The rest of this paper is organized as follows. Section 2 briefly overviews the related works of adversarial attacks. In Section 3, we specifically state the attack methodology of SparseAdv. We present the experimental results in Section 4 and conclude the paper in Section 5.

2.1. White-Box Adversarial Attacks

Earlier adversarial attacks were mostly white-box adversarial attacks, in which attackers had access to all information (i.e., model structure, parameter, and hyper-parameter) of a target model. Adversarial attack was firstly proposed by Szegedy et al. [8] in 2013, they found that subtle modification of an example was able to mislead a deep learning model, which was then widely researched by experts from various fields. The example with nonsensitive (to human eye) yet misguiding (to deep learning model) perturbation was recognized as adversarial example. Goodfellow et al. [7] proposed fast gradient sign method (FGSM), which used gradient direction to disturb clean examples and demonstrated that adversarial examples had unstable transferability among different target classifiers. Based on FGSM, a basic iterative method (BIM) [12] was subsequently proposed to superimpose the noise step by step. So that feedback of the gradient information could be fully used under the same disturbance and BIM was able to successfully achieve better results with a smaller disturbance effect. Considering that the complex nonlinear model might change drastically in a very small range, projected gradient descent [13] method used gradient feedback to limit the noise to a small range. CW attack [9] defined two impact factors according the two final goals—imperceptible visual effect to human and misleading result to the recognition model. CW attack updated the input by optimizing the two factors and showed excellent performance.
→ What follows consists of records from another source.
Lemma coef_continuous_at b Phi (h0 q0 : P) e :
  coef_continuous Phi -> (msize h0 <= b)%N -> (msize q0 <= b)%N -> 0 < e ->
  exists2 d, 0 < d & forall h q, (msize h <= b)%N -> (msize q <= b)%N ->
    (forall m, `|h@_m - h0@_m| < d%:C /\ `|q@_m - q0@_m| < d%:C)%C ->
    `|Phi h q - Phi h0 q0| < e.
Proof.
move=> cPhi h0b q0b e_gt0.
have cf := cPhi _ _ _ (pcontinuous_vpoly b false) (pcontinuous_vpoly b true).
have /nbhs_ballP [d d_gt0 Hd] :=
  cf (vec_of_polys b h0 q0) _ (nbhsx_ballx _ _ e_gt0).
exists d => // h q hb qb close.
have hq_near : ball (vec_of_polys b h0 q0) d (vec_of_polys b h q).
  split=> // i j; rewrite (ord1 i) -ball_normE /= !mxE.
  case: (enum_val j) => [[] k] /=; rewrite distrC; apply: rcoef_dist.
  - exact: (close _).2.
  - exact: (close _).1.
by have := Hd _ hq_near; rewrite /= !vpolyK // -ball_normE /= distrC.
Qed.

End Compactness.

Section Degree.
Variable R : realType.
Local Notation P := {mpoly R[i][2]}.

Lemma mdeg_lt_msize (p : P) m : p@_m != 0 -> (mdeg m < msize p)%N.
Proof. by rewrite mcoeff_eq0 negbK; exact: msize_mdeg_lt. Qed.

Lemma mcoeff_eq1_neq0 (p : P) m : p@_m = 1 -> p != 0.
Proof. by apply: contra_eq_neq => ->; rewrite mcoeff0 eq_sym oner_neq0. Qed.

Lemma msizeB_le (p q : P) : (msize (p - q) <= maxn (msize p) (msize q))%N.
Proof. by rewrite -(msizeN q) msizeD_le. Qed.
Lemma ext_iter_coef_ddeg m k : ddeg_le delta Y m.+1 -> ddeg_le delta (ext_iter_coef k) (k * m).
Proof.
move=> hY; have hdY := ddeg_le_der HS Hd hY.
have Sd x : S x -> S (delta x) := @der_in _ _ _ Hd x.
have SM x y : S x -> S y -> S (x * y) := @subringM _ _ HS x y.
have Sn n : S n%:R := subring_nat HS n.
have hn n : ddeg_le delta n%:R 0 := ddeg_le_nat HS Hd n.
elim: k => [|k IH] /=; first exact: hn 1%N.
have Sb := ext_iter_coef_in k; set b := ext_iter_coef k in Sb IH *.
have S1 : S (b * delta Y) := SM _ _ Sb (Sd _ SY).
have S2 : S (d%:R * Y * delta b) := SM _ _ (SM _ _ (Sn d) SY) (Sd _ Sb).
have S3 : S (d%:R * k%:R * delta Y * b) := SM _ _ (SM _ _ (SM _ _ (Sn d) (Sn k)) (Sd _ SY)) Sb.
apply: (ddeg_leB HS Hd (subringD HS S1 S2) S3); first apply: (ddeg_leD Hd S1 S2).
- by rewrite mulSn addnC; apply: (ddeg_leM HS Hd Sb (Sd _ SY) IH hdY).
- have [km0|km] := posnP (k * m).
    move: IH; rewrite km0 /ddeg_le /= => ->; rewrite mulr0.
    exact: iter_der0 HS Hd (k.+1 * m).+1.
  have hdY' : ddeg_le delta (d%:R * Y) (0 + m.+1) := ddeg_leM HS Hd (Sn d) SY (hn d) hY.
  have := ddeg_leM HS Hd (SM _ _ (Sn d) SY) (Sd _ Sb) hdY' (ddeg_le_der HS Hd IH).
  by move=> H; apply: (ddeg_le_mono HS Hd _ H); rewrite mulSn; lia.
- have hdk : ddeg_le delta (d%:R * k%:R) (0 + 0) := ddeg_leM HS Hd (Sn d) (Sn k) (hn d) (hn k).
  have := ddeg_leM HS Hd (SM _ _ (SM _ _ (Sn d) (Sn k)) (Sd _ SY)) Sb
    (ddeg_leM HS Hd (SM _ _ (Sn d) (Sn k)) (Sd _ SY) hdk hdY) IH.
  by move=> H; apply: (ddeg_le_mono HS Hd _ H); rewrite mulSn.
Qed.
(* Let $\pi:E\to B$ be a function of sets. The inclusion $\mathbf{Set}^{\downarrow}_{/_{\ulcorner}\pi}\hookrightarrow\mathbf{Set}^{\downarrow}_{/\pi}$ is a subtopos inclusion: it has a left exact left adjoint, given by the vertical/cartesian factorization, which sends an object $(\pi':E'\to B',\ (u:E'\to E,\ f:B'\to B))$ of $\mathbf{Set}^{\downarrow}_{/\pi}$ to the pullback $f^*\pi : B'\times_B E\to B'$ with its cartesian map to $\pi$ (the unit being the induced map $E'\to B'\times_B E$ over $B'$). As a corollary, for any Dirichlet functor $D$, the inclusion $\mathbf{Dir}_{\ulcorner/D}\hookrightarrow\mathbf{Dir}_{/D}$ is a subtopos inclusion.
   Context: $\mathbf{Set}^{\downarrow}$ is the category of functions $E\to B$ (''bundles'') and commuting squares; $\mathbf{Set}^{\downarrow}_{/\pi}$ is its slice over $\pi$, and $\mathbf{Set}^{\downarrow}_{/_{\ulcorner}\pi}$ is the full subcategory of those objects whose structure map to $\pi$ is a pullback square. A Dirichlet functor is a functor $D:\mathbf{Set}^{op}\to\mathbf{Set}$ preserving connected limits; $\mathbf{Dir}$ is the category of Dirichlet functors and natural transformations, $\mathbf{Dir}_{/D}$ its slice over $D$, and $\mathbf{Dir}_{\ulcorner/D}$ the full subcategory of $\mathbf{Dir}_{/D}$ on those objects whose map to $D$ is a cartesian natural transformation (all naturality squares pullbacks). A subtopos inclusion is a fully faithful functor between toposes with a left exact left adjoint. *)

From Stdlib Require Import List Relations FunctionalExtensionality ProofIrrelevance.

Set Universe Polymorphism.

Polymorphic Cumulative Record Category@{o h} := {
  Obj : Type@{o};
  Hom : Obj -> Obj -> Type@{h};
  idm : forall x, Hom x x;
  cmp : forall x y z, Hom y z -> Hom x y -> Hom x z;
  cmp_idl : forall x y (f : Hom x y), cmp x y y (idm y) f = f;
  cmp_idr : forall x y (f : Hom x y), cmp x x y f (idm x) = f;
  cmp_assoc : forall w x y z (h : Hom y z) (g : Hom x y) (f : Hom w x),
      cmp w x z (cmp x y z h g) f = cmp w y z h (cmp w x y g f) }.

Arguments Obj : clear implicits.
Arguments Hom {C} x y : rename.
Arguments idm {C} x : rename.
Arguments cmp {C x y z} g f : rename.
Coercion Obj : Category >-> Sortclass.

Notation "g ∘ f" := (cmp g f) (at level 40, left associativity).

Definition op@{o h} (C : Category@{o h}) : Category@{o h}.
Proof.
  refine {| Obj := Obj C;
            Hom := fun x y => @Hom C y x;
            idm := fun x => @idm C x;
            cmp := fun x y z g f => @cmp C z y x f g |}.
  - intros; apply cmp_idr.
  - intros; apply cmp_idl.
  - intros; symmetry; apply cmp_assoc.
Defined.

Definition TypeCat@{i j + | i < j +} : Category@{j i}.
Proof.
  exact (Build_Category@{j i} Type@{i} (fun A B => A -> B) (fun A a => a)
    (fun A B C g f a => g (f a)) (fun _ _ _ => eq_refl) (fun _ _ _ => eq_refl)
    (fun _ _ _ _ _ _ _ => eq_refl)).
Defined.


Polymorphic Cumulative Record Functor (C D : Category) := {
  fobj : C -> D;
  fmap : forall x y, Hom x y -> Hom (fobj x) (fobj y);
  fmap_id : forall x, fmap x x (idm x) = idm (fobj x);
  fmap_cmp : forall x y z (g : Hom y z) (f : Hom x y),
      fmap x z (g ∘ f) = fmap y z g ∘ fmap x y f }.

Arguments fobj {C D} F x : rename.
Arguments fmap {C D} F {x y} f : rename.

Definition FComp {C D E : Category} (G : Functor C D) (L : Functor D E) : Functor C E.
Proof.
  refine {| fobj := fun x => fobj L (fobj G x);
            fmap := fun x y f => fmap L (fmap G f) |}.
  - intros; rewrite fmap_id; apply fmap_id.
  - intros; rewrite fmap_cmp; apply fmap_cmp.
Defined.

Polymorphic Cumulative Record NatTrans {C D : Category} (F G : Functor C D) := {
  ncomp : forall x, Hom (fobj F x) (fobj G x);
  nnat : forall x y (f : Hom x y), fmap G f ∘ ncomp x = ncomp y ∘ fmap F f }.

Arguments ncomp {C D F G} a x : rename.

Definition IsCone {J C : Category} (G : Functor J C) (c : C)
  (l : forall j, Hom c (fobj G j)) : Prop :=
  forall j j' (u : Hom j j'), fmap G u ∘ l j = l j'.

Definition IsLimit {J C : Category} (G : Functor J C) (c : C)
  (l : forall j, Hom c (fobj G j)) : Prop :=
  IsCone G c l /\
  forall (d : C) (m : forall j, Hom d (fobj G j)), IsCone G d m ->
    exists h : Hom d c, (forall j, l j ∘ h = m j) /\
      forall h' : Hom d c, (forall j, l j ∘ h' = m j) -> h' = h.

Definition FiniteCat (J : Category) : Prop :=
  (exists lo : list (Obj J), forall x, In x lo) /\
  (forall x y : J, exists lh : list (Hom x y), forall f, In f lh).

Definition ConnectedCat (J : Category) : Prop :=
  inhabited (Obj J) /\
  forall x y : J, clos_refl_sym_trans (Obj J) (fun a b => inhabited (Hom a b)) x y.

Definition HasFiniteLimits (C : Category) : Prop :=
  forall J : Category, FiniteCat J ->
    forall G : Functor J C, exists (c : C) (l : forall j, Hom c (fobj G j)), IsLimit G c l.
2.2. Black-Box Adversarial Attacks

In real scenarios, black-box attacks which do not need any information of the target model and show high transferability among various models have gained attention. The transferability of adversarial example refers to the successful attacking rate of the example set to a target model, could be almost the same when this set attacks another model. Therefore, concept of transferability means the ability to keep the performance when an adversarial example set changes the task environment, i.e., the target model to be attacked. As a result, transferability of adversarial examples indicates flexibility and adaptability of an adversarial attack algorithm while facing different task environments. Moreover, higher transferability of adversarial example set in white-box research could make it more transferable to black-box adversarial attack. Dong et al. [14] proposed the Momentum Iterative Fast Gradient Sign Method (MI-FGSM) [14] in the Neural Information Processing Systems 2017 competition. MI-FGSM integrated the momentum term into iterative process, stabilizing the update direction and getting rid of undesirable local maximum. Diversity input method [15] proposed to enhance data diversity by randomly transforming clean examples, thereby improving transferability of adversarial examples. Translation Invariant Method [16] proposed a translation-invariant attack algorithm to generate adversarial examples that were less sensitive to white-box model and so that transferred better among black-box models. AutoZoom [11] added adversarial perturbation in low-dimensional space and mapped the perturbation to high-dimensional embedding space by autoencoder, thus reducing the mean query counts in finding successful adversarial examples. Inspired by AutoZoom, TREMBA [17] utilized AutoZoom’s framework for gaining perturbation prior. Then by applying a standard black-box attack method such as Natural Evolution Strategy (NES) [18] on the embedding space, adversarial perturbations could be found efficiently for a target model.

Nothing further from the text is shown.